▶ _What this task involves_
When you reach the line containing "move=> z /andP[zNY" in the data below, begin returning lines exactly as written, and stop once the line containing "move=> y; rewrite" has been returned.

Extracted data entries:

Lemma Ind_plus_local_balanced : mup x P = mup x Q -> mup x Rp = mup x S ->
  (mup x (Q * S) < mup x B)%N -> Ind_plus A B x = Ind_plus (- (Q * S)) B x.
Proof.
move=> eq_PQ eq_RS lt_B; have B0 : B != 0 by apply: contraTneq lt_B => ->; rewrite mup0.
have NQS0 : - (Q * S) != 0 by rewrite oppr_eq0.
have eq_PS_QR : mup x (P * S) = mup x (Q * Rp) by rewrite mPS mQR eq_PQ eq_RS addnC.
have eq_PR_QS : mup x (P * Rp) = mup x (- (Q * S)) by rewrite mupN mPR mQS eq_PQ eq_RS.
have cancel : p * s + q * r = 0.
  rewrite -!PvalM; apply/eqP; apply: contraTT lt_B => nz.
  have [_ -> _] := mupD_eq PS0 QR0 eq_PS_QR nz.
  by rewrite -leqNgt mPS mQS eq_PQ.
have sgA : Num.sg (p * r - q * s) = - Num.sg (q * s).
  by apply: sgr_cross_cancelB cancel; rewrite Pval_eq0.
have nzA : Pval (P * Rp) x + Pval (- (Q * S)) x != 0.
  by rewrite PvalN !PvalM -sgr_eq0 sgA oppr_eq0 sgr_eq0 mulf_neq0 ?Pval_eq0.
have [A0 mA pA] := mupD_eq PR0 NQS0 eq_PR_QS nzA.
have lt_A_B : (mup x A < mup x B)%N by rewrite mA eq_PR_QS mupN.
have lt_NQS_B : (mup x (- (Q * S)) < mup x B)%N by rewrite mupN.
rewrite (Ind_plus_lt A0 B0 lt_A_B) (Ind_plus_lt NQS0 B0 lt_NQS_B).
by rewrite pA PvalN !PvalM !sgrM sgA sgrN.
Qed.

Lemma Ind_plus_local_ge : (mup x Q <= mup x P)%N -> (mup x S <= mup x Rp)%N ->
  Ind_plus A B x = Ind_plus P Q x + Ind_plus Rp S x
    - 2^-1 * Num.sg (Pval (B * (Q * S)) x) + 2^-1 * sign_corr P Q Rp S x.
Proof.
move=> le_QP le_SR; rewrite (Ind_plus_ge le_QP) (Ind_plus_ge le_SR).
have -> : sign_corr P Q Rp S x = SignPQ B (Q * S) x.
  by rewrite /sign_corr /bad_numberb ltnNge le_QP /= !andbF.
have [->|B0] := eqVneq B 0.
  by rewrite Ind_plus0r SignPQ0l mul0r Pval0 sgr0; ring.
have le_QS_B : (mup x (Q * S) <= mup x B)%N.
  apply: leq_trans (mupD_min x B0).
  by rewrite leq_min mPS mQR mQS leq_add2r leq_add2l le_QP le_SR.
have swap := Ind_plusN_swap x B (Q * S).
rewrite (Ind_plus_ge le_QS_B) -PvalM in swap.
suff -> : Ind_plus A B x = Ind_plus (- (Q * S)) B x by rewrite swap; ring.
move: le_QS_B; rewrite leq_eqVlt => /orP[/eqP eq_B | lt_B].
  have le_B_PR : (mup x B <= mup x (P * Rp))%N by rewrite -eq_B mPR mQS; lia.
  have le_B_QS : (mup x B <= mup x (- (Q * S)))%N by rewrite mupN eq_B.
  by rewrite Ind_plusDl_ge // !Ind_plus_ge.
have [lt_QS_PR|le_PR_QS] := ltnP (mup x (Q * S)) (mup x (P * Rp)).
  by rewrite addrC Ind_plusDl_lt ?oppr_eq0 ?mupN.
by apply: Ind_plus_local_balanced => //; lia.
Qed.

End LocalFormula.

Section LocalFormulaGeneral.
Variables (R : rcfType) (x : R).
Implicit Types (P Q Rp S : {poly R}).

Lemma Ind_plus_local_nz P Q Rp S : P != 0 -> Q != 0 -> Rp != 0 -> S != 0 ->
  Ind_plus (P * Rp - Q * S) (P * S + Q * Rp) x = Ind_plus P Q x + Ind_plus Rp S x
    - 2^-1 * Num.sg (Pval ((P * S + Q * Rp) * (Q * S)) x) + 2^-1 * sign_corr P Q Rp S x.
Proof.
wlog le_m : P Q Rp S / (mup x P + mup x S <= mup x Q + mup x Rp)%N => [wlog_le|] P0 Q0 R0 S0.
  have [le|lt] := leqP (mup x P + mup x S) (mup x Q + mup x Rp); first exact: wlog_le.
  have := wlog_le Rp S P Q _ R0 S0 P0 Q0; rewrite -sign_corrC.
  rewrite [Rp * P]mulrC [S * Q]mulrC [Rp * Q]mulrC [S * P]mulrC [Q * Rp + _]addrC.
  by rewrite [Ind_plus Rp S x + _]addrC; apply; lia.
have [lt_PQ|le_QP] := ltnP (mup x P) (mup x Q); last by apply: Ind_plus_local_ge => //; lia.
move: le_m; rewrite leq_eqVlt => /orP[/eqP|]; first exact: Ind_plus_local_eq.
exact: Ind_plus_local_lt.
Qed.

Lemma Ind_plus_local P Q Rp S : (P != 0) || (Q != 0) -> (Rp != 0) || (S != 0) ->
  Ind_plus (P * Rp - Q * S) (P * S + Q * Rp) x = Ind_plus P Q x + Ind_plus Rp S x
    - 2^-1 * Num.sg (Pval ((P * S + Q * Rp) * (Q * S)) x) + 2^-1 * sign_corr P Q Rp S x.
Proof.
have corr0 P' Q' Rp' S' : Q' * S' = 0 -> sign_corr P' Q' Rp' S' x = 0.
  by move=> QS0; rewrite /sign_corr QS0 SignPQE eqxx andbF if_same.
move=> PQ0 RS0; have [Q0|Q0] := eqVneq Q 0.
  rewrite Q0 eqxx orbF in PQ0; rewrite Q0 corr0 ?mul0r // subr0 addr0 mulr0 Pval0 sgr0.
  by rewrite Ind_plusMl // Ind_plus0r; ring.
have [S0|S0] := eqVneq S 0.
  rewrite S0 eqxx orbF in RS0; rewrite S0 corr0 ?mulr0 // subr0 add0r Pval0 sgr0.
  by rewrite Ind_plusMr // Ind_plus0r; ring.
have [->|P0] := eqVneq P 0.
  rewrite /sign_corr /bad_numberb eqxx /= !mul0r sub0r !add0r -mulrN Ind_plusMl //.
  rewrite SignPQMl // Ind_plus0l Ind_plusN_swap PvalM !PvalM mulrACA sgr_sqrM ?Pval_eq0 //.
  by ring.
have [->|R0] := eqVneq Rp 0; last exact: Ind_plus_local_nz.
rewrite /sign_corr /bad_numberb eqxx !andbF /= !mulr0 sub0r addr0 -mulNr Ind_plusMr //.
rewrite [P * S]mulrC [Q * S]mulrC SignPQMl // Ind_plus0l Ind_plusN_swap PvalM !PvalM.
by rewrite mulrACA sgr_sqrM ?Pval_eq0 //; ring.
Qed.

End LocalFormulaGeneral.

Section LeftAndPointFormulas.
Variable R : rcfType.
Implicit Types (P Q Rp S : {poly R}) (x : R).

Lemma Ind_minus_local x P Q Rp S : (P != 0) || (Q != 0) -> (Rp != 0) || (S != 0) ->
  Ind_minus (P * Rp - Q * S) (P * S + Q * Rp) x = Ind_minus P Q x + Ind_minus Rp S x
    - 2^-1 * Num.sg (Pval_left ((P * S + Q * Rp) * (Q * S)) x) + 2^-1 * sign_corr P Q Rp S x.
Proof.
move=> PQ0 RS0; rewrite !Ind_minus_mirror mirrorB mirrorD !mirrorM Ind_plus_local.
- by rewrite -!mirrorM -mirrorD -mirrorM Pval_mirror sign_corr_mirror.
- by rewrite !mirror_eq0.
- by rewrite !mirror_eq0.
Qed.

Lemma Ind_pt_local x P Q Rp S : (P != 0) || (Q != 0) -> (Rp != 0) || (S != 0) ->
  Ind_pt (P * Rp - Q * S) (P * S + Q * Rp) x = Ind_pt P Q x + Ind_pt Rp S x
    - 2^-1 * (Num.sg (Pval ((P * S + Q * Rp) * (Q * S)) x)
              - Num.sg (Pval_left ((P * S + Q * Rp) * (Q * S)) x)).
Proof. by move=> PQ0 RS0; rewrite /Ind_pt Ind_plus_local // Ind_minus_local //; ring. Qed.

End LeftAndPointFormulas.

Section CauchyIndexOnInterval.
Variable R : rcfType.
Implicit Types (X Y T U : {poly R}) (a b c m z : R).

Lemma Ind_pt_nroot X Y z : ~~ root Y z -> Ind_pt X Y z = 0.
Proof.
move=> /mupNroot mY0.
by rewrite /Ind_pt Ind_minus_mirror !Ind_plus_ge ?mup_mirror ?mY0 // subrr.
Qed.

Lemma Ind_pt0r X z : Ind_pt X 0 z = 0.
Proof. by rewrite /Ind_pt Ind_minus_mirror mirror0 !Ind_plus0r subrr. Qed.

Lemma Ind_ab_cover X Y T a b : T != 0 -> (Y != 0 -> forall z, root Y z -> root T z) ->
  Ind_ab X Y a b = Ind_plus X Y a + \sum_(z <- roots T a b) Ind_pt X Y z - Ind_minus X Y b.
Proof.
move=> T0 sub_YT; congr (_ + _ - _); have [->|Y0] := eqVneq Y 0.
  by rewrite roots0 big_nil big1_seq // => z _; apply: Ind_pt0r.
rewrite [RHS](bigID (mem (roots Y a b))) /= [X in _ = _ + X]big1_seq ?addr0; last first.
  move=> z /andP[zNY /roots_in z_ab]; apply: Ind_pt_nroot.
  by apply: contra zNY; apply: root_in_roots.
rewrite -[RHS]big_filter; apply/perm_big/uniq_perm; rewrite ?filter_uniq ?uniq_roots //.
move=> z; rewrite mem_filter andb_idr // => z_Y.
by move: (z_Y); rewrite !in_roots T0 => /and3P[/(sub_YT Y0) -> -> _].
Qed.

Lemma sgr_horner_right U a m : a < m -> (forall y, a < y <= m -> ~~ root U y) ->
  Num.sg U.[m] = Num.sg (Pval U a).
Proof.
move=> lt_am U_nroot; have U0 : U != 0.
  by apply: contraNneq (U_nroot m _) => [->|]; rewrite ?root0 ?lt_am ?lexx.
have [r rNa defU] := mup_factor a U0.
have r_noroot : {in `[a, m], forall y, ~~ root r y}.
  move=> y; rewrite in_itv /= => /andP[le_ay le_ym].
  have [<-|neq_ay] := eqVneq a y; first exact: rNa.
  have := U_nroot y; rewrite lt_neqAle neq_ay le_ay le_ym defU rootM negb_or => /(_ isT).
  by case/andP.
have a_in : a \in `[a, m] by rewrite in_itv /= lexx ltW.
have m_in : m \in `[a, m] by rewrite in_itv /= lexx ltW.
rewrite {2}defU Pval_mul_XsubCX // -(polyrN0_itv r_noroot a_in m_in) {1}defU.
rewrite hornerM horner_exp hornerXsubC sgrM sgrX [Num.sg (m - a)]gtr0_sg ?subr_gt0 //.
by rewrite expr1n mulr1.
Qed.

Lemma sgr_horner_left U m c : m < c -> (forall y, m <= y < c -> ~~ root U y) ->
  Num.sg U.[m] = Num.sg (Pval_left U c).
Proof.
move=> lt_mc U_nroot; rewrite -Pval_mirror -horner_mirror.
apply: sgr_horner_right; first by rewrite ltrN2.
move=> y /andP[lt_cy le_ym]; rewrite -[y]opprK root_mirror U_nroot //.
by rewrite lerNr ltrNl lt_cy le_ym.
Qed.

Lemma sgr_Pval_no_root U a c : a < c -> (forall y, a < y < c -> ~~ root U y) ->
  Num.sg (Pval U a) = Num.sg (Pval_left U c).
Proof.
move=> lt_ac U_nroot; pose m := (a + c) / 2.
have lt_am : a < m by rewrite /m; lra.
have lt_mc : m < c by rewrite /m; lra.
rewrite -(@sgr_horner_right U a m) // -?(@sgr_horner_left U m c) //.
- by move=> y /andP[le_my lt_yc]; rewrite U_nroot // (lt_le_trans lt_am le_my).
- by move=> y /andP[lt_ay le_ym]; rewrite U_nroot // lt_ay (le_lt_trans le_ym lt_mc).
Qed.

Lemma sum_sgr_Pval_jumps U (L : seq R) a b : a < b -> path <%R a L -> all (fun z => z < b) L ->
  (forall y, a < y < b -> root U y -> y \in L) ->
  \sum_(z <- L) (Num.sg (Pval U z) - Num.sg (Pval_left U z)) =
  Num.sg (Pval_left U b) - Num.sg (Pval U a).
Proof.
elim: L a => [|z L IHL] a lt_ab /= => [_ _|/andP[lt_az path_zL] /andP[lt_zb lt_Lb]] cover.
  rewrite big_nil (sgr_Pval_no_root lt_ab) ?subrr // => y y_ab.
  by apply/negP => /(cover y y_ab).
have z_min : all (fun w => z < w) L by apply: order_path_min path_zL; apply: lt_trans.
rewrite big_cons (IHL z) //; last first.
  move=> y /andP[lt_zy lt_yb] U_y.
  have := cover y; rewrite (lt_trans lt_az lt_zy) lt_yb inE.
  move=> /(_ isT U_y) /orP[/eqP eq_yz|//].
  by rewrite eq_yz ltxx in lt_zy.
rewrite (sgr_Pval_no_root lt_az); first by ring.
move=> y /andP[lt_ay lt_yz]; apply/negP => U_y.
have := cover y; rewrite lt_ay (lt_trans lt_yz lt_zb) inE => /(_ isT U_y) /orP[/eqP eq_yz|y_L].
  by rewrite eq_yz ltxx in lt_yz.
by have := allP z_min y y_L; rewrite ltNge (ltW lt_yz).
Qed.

▶ _Reply to the task_
  move=> z /andP[zNY /roots_in z_ab]; apply: Ind_pt_nroot.
  by apply: contra zNY; apply: root_in_roots.
rewrite -[RHS]big_filter; apply/perm_big/uniq_perm; rewrite ?filter_uniq ?uniq_roots //.
move=> z; rewrite mem_filter andb_idr // => z_Y.
by move: (z_Y); rewrite !in_roots T0 => /and3P[/(sub_YT Y0) -> -> _].
Qed.

Lemma sgr_horner_right U a m : a < m -> (forall y, a < y <= m -> ~~ root U y) ->
  Num.sg U.[m] = Num.sg (Pval U a).
Proof.
move=> lt_am U_nroot; have U0 : U != 0.
  by apply: contraNneq (U_nroot m _) => [->|]; rewrite ?root0 ?lt_am ?lexx.
have [r rNa defU] := mup_factor a U0.
have r_noroot : {in `[a, m], forall y, ~~ root r y}.
  move=> y; rewrite in_itv /= => /andP[le_ay le_ym].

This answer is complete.